PROBLEM DETAILS
Transcribe, without alteration, only the lines from the one containing "Lemma dual_norm_le K" through the last line of the material, both ends included.

RECORDS SHOWN
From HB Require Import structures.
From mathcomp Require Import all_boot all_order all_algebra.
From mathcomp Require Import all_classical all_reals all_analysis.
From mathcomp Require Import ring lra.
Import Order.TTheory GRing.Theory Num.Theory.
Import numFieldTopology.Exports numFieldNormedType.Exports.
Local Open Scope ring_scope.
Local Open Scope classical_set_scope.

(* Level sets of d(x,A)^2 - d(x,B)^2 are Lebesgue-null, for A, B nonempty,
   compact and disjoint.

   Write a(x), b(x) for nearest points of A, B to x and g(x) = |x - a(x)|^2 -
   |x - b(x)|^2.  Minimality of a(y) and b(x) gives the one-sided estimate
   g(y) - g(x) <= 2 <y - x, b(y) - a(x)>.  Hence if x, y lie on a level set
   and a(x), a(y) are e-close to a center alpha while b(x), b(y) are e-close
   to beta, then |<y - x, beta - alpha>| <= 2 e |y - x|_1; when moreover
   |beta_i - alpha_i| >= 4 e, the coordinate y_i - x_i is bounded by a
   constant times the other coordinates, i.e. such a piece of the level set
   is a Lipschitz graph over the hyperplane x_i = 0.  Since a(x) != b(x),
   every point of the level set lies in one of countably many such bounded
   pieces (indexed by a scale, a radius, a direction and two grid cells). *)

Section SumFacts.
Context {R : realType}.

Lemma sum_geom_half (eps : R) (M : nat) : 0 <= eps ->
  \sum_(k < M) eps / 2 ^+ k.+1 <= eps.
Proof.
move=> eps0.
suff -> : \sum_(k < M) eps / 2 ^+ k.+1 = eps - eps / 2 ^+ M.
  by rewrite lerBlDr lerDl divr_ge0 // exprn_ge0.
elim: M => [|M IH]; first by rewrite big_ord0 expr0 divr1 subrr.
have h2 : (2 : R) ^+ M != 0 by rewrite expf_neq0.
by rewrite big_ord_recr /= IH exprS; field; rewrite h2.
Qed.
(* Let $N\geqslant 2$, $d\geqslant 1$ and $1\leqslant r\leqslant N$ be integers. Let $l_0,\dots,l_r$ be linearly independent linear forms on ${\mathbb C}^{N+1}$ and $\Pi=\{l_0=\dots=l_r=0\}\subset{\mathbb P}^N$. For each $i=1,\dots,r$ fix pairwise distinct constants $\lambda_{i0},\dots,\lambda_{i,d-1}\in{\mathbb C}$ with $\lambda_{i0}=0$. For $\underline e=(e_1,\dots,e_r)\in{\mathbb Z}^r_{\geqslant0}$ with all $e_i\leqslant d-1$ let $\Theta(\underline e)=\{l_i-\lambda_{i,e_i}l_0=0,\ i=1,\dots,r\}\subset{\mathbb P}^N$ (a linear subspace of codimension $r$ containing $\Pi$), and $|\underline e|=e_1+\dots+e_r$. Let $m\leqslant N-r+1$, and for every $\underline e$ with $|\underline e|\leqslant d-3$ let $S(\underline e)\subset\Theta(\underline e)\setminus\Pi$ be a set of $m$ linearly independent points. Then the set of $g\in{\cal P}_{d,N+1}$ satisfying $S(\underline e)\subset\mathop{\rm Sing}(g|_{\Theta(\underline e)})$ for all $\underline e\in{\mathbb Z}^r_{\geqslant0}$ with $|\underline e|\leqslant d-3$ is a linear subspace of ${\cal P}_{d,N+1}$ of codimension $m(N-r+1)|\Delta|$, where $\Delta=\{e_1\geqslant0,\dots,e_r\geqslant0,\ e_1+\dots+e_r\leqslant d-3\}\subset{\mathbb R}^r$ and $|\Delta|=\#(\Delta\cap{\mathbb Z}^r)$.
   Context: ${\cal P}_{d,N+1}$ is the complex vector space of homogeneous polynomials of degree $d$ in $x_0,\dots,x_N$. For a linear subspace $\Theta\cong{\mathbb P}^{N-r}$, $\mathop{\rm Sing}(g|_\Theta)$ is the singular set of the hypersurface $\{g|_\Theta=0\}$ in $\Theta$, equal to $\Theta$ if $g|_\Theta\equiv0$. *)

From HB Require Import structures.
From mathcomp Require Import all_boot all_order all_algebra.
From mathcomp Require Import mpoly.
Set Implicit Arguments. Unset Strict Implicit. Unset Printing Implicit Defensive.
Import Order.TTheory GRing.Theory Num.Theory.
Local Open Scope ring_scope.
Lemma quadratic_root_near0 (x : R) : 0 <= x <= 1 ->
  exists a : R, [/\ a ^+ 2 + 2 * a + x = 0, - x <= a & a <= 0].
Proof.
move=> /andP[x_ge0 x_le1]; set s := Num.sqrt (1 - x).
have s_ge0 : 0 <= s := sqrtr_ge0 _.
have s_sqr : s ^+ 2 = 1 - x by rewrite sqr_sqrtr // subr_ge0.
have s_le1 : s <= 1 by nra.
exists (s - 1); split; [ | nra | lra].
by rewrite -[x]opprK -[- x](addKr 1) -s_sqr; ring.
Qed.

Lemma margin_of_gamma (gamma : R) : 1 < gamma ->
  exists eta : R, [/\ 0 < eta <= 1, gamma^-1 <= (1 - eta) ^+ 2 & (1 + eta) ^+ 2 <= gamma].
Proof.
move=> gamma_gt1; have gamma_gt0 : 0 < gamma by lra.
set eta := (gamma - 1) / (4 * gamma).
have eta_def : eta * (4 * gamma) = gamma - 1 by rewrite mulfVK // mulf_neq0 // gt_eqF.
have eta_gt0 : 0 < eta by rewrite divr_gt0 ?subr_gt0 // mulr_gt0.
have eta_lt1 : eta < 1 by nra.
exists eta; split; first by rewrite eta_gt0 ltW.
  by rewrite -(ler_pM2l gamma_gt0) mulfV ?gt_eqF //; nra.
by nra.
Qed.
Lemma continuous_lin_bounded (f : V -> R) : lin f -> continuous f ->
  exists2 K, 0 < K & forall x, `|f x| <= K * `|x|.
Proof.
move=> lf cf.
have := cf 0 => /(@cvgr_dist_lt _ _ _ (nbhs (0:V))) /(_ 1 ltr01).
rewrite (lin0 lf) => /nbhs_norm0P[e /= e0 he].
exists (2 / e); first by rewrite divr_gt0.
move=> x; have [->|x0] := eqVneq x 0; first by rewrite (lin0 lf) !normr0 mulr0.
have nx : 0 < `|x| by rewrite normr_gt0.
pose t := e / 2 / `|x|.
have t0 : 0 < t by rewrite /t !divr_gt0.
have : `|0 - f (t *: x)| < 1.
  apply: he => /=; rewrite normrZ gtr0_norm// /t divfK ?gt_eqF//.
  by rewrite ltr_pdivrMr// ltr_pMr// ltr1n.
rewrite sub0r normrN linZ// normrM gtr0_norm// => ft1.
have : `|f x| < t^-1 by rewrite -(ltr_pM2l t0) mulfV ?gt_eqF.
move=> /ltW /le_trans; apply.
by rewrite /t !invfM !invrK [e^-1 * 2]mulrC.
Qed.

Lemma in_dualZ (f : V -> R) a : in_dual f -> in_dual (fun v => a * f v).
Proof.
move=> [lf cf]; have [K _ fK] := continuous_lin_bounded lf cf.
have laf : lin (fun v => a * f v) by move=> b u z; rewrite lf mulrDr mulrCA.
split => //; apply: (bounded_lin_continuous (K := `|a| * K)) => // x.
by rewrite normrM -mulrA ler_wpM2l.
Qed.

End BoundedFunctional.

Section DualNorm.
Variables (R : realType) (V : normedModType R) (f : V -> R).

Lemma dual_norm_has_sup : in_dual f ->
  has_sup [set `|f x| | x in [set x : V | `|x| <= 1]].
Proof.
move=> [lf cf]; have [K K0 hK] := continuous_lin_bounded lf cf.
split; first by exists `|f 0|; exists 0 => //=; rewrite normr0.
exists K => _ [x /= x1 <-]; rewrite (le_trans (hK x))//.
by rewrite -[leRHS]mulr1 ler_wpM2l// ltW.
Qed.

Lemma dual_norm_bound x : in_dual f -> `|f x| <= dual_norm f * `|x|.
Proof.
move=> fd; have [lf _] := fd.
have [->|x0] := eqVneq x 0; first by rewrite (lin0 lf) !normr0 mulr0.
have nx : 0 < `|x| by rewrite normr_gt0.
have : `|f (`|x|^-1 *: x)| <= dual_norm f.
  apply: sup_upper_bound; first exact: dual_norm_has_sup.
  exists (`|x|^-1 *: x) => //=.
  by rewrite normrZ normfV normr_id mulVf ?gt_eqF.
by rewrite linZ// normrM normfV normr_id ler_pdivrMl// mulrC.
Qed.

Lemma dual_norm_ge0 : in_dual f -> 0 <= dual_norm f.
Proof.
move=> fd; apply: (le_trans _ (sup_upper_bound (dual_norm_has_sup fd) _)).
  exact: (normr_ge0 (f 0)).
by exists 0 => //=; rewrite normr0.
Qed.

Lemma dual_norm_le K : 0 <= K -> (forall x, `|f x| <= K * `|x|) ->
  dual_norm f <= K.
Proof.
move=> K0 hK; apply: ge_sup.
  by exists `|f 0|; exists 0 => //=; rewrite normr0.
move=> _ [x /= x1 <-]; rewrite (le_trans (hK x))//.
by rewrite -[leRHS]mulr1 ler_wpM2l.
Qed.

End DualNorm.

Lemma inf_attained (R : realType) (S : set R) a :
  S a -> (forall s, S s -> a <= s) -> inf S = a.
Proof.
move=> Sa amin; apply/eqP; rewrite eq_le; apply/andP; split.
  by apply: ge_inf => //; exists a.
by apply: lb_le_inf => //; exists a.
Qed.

WRITTEN REPLY
Lemma dual_norm_le K : 0 <= K -> (forall x, `|f x| <= K * `|x|) ->
  dual_norm f <= K.
Proof.
move=> K0 hK; apply: ge_sup.
  by exists `|f 0|; exists 0 => //=; rewrite normr0.
move=> _ [x /= x1 <-]; rewrite (le_trans (hK x))//.
by rewrite -[leRHS]mulr1 ler_wpM2l.
Qed.

End DualNorm.

Lemma inf_attained (R : realType) (S : set R) a :
  S a -> (forall s, S s -> a <= s) -> inf S = a.
Proof.
move=> Sa amin; apply/eqP; rewrite eq_le; apply/andP; split.
  by apply: ge_inf => //; exists a.
by apply: lb_le_inf => //; exists a.
Qed.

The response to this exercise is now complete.